Would this work on WireGuard encrypted packets?

I had initially wondered if a problem might be that you could have data from one path that was intermittent and then a burst of Netflix data from another path and if the first path had a discontinuity at the burst of Netflix data you wouldn't spot the delta in time to address the Netflix burst. To elaborate say you have data in respect of one particular data path that lasts for 5 mins and so you have a kind of baseline rtt for that path. If that path terminates before bufferbloat associated with a stream associated with a new path for which you have no baseline then you can't spot a delta. Or am I missing something?

In this connection, perhaps one nice thing about WireGuard packets is that they are always to and from the same IP. So that path is fixed and if packet headers can be inspected to infer rtt to the WireGuard IP then wouldn't that give a way to ascertain bufferbloat?

Could this compete with active probing to reliable reflectors?

Could it be ultimately adopted within CAKE to mean the user doesn't even need to put in a bandwidth at all even for fixed bandwidth connections? That is, once the fully baked CAKE has addressed the outstanding bandwidth estimation issue that was not fully addressed by 'autorate-ingress', this unaddressed but very important issue seriously compromising the utility of CAKE on its own as a means of bufferbloat control for at least all variable rate connections.

Assuming the bakers are not all too elderly now.

I would if I could (hopefully this thread shows there is plenty of will from myself and others), but my baking skills are not up to scratch and may well never be.

Or perhaps the recipe is just not quite there yet to resume the baking.

Point remains about unfinished business though.

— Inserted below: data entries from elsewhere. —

Lemma Hc_cvgy : Hc rho c u @[u --> +oo] --> +oo%E.
Proof.
have K0 : 0 < rho 1 + c by rewrite addrC rhoc_gt0.
apply: (@gee_cvgy _ _ _ _ (fun u => (ln u / (rho 1 + c))%:E)); last exact: EFin_ln_div_cvgy.
near=> u; apply: Hc_ge_ln.
by near: u; apply: nbhs_pinfty_ge; exact: num_real.
Unshelve. all: end_near.
Qed.

Lemma Hc_growth_le u v k : 1 <= u -> u <= v -> (Hc rho c v <= Hc rho c u + k%:E)%E ->
  v <= expR (k * (rho 1 + c)) * u.
Proof.
move=> u1 uv Hvu; have K0 : 0 < rho 1 + c by rewrite addrC rhoc_gt0.
have Hu_fin : Hc rho c u \is a fin_num by rewrite ge0_fin_numE ?Hc_ge0 ?Hc_lt_pinfty //; lra.
have : (ln v - ln u) / (rho 1 + c) <= k.
  rewrite -lee_fin -(leeD2lE _ _ Hu_fin); apply: le_trans Hvu.
  by rewrite (HcD _ uv) ?leeD2l ?integral_rhoc_inv_ge_ln //; lra.
rewrite ler_pdivrMr // => ln_le.
rewrite -[v]lnK ?posrE; last lra.
by rewrite -[u in _ * u]lnK ?posrE -?expRD ?ler_expR; lra.
Qed.

End Hc_theory.

Theorem lemma2p2 (R : realType) (rho : R -> R) (c : R) :
  concave_on_Rplus rho ->
  rho 0 = 0 ->
  (forall x, 0 <= x -> 0 <= rho x) ->
  (forall x, 0 < x -> 0 < rho x) ->
  (forall x, 0 < x -> derivable rho x 1) ->
  (forall x, 0 < x -> {for x, continuous (derive1 rho)}) ->
  (forall x, 0 < x -> 0 <= (derive1 rho) x) ->
  (rho x / x) @[x --> 0^'+] --> +oo ->
  (exists2 eps : R, 0 < eps &
     (\int[@lebesgue_measure R]_(x in [set x : R | (0 < x <= eps)%R]) ((rho x)^-1)%:E < +oo)%E) ->
  0 <= c ->
  (forall u, 0 <= u -> (Hc rho c u < +oo)%E) /\
  (forall u v, 0 <= u -> u < v -> (Hc rho c u < Hc rho c v)%E) /\
  Hc rho c 0 = 0%E /\
  Hc rho c u @[u --> +oo] --> +oo%E /\
  (forall Hinv : R -> R,
     (forall k, 0 <= k -> 0 <= Hinv k /\ Hc rho c (Hinv k) = k%:E) ->
     forall k1 k2 k3 : R, (Hc rho c 1 <= k1%:E)%E -> 0 < k2 -> 0 < k3 ->
       Hinv (k1 + k2) <= 2 * expR (k2 * (rho 1 + c)) * Hinv k1 /\
       rho (k3 * Hinv (k1 + k2)) + c
         <= 2 * expR (k2 * (rho 1 + c)) * (rho (k3 * Hinv k1) + c)).
Proof.
move=> rho_concave _ rho_ge0 rho_gt0 rho_der _ _ _ rho_inv_integrable c_ge0.
have rho_cont x : 0 < x -> {for x, continuous rho}.
  by move=> x0; apply/differentiable_continuous/derivable1_diffP/rho_der.
split; first exact: Hc_lt_pinfty.
split; first exact: Hc_lt.
split; first exact: Hc0.
split; first exact: Hc_cvgy.
move=> Hinv HinvK k1 k2 k3 Hc1_le k2_gt0 k3_gt0.
have k1_ge0 : 0 <= k1 by rewrite -lee_fin (le_trans _ Hc1_le) ?Hc_ge0.
have [u_ge0 Hu] := HinvK k1 k1_ge0.
have [v_ge0 Hv] := HinvK (k1 + k2) (addr_ge0 k1_ge0 (ltW k2_gt0)).
have K_gt0 : 0 < rho 1 + c by have := rho_gt0 1 ltr01; lra.
set E := expR (k2 * (rho 1 + c)).
have E_ge1 : 1 <= E.
  by apply: le_trans (expR_ge1Dx _); rewrite lerDl mulr_ge0 // ltW.
have u_ge1 : 1 <= Hinv k1 by rewrite -(le_Hc (rho := rho) (c := c)) ?Hu //; apply: ler01.
have u_le_v : Hinv k1 <= Hinv (k1 + k2).
  by rewrite -(le_Hc (rho := rho) (c := c)) ?Hu ?Hv // lee_fin lerDl ltW.
have v_le_Eu : Hinv (k1 + k2) <= E * Hinv k1.
  by apply: Hc_growth_le; rewrite ?Hu ?Hv ?EFinD.
have k3v_le : k3 * Hinv (k1 + k2) <= 2 * E * (k3 * Hinv k1) by nra.
split; first by nra.
by apply: concave_ge0_addr_le_scale; rewrite ?mulr_ge0 ?(ltW k3_gt0) //; lra.
Qed.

moeller0 · March 24, 2022, 8:39am

Curious, why? From my understanding a proper WiFI stack employing airtime fairness and if needed AQL (airtime queue limits?) should solve that problem already, or is your goal here to post-hoc fix bad wifi stacks in the clients?

Nope, that approach works for bump in the wire situations, so can be implemented in intermediary hops AS LONG as the relevant header fields are not encrypted...

As that paper shows, quite feasible assuming rfc 1323 TCP timestamps are used on a sufficient fraction of flows....

Same issue as with your approach, selecting the minimum over a set of flows should work... essentially you can/need to calculate the deltaRTT independently for every flow (or potentially for hash bins in an fq qdisc)

Probably not, as these carry no readable timestamps... same is true for other encapsulations without visible timestamps...

I think ARL really uses the same "trick" we employ and selects the minimum of the measured RTTs under the assumption that changes in bottleneck rate will affect ALL flows, but it is a while I loked at the arl code and I did not read it deeply, so this might be more my preconception how arl should work and less a veridical description how arl actually solves this issue

So in lieu of timestamps on packets you would need a set-up in which packets are sent in pairs, where on reception of a packet the receiver immediately sends a response and where such packet pairs can easily be identified, then you could store a timestamp when the request packet of a pair passes your qdisc and then when the response packet of a pair returns, giving you the RTT from your measurement node to the endpoint. But that is a lot of work and requires to keep a lot of state, not sure that approach is feasible for production use (then again, I assumed the same for Kathleen Nichols' approach and yet arl happened )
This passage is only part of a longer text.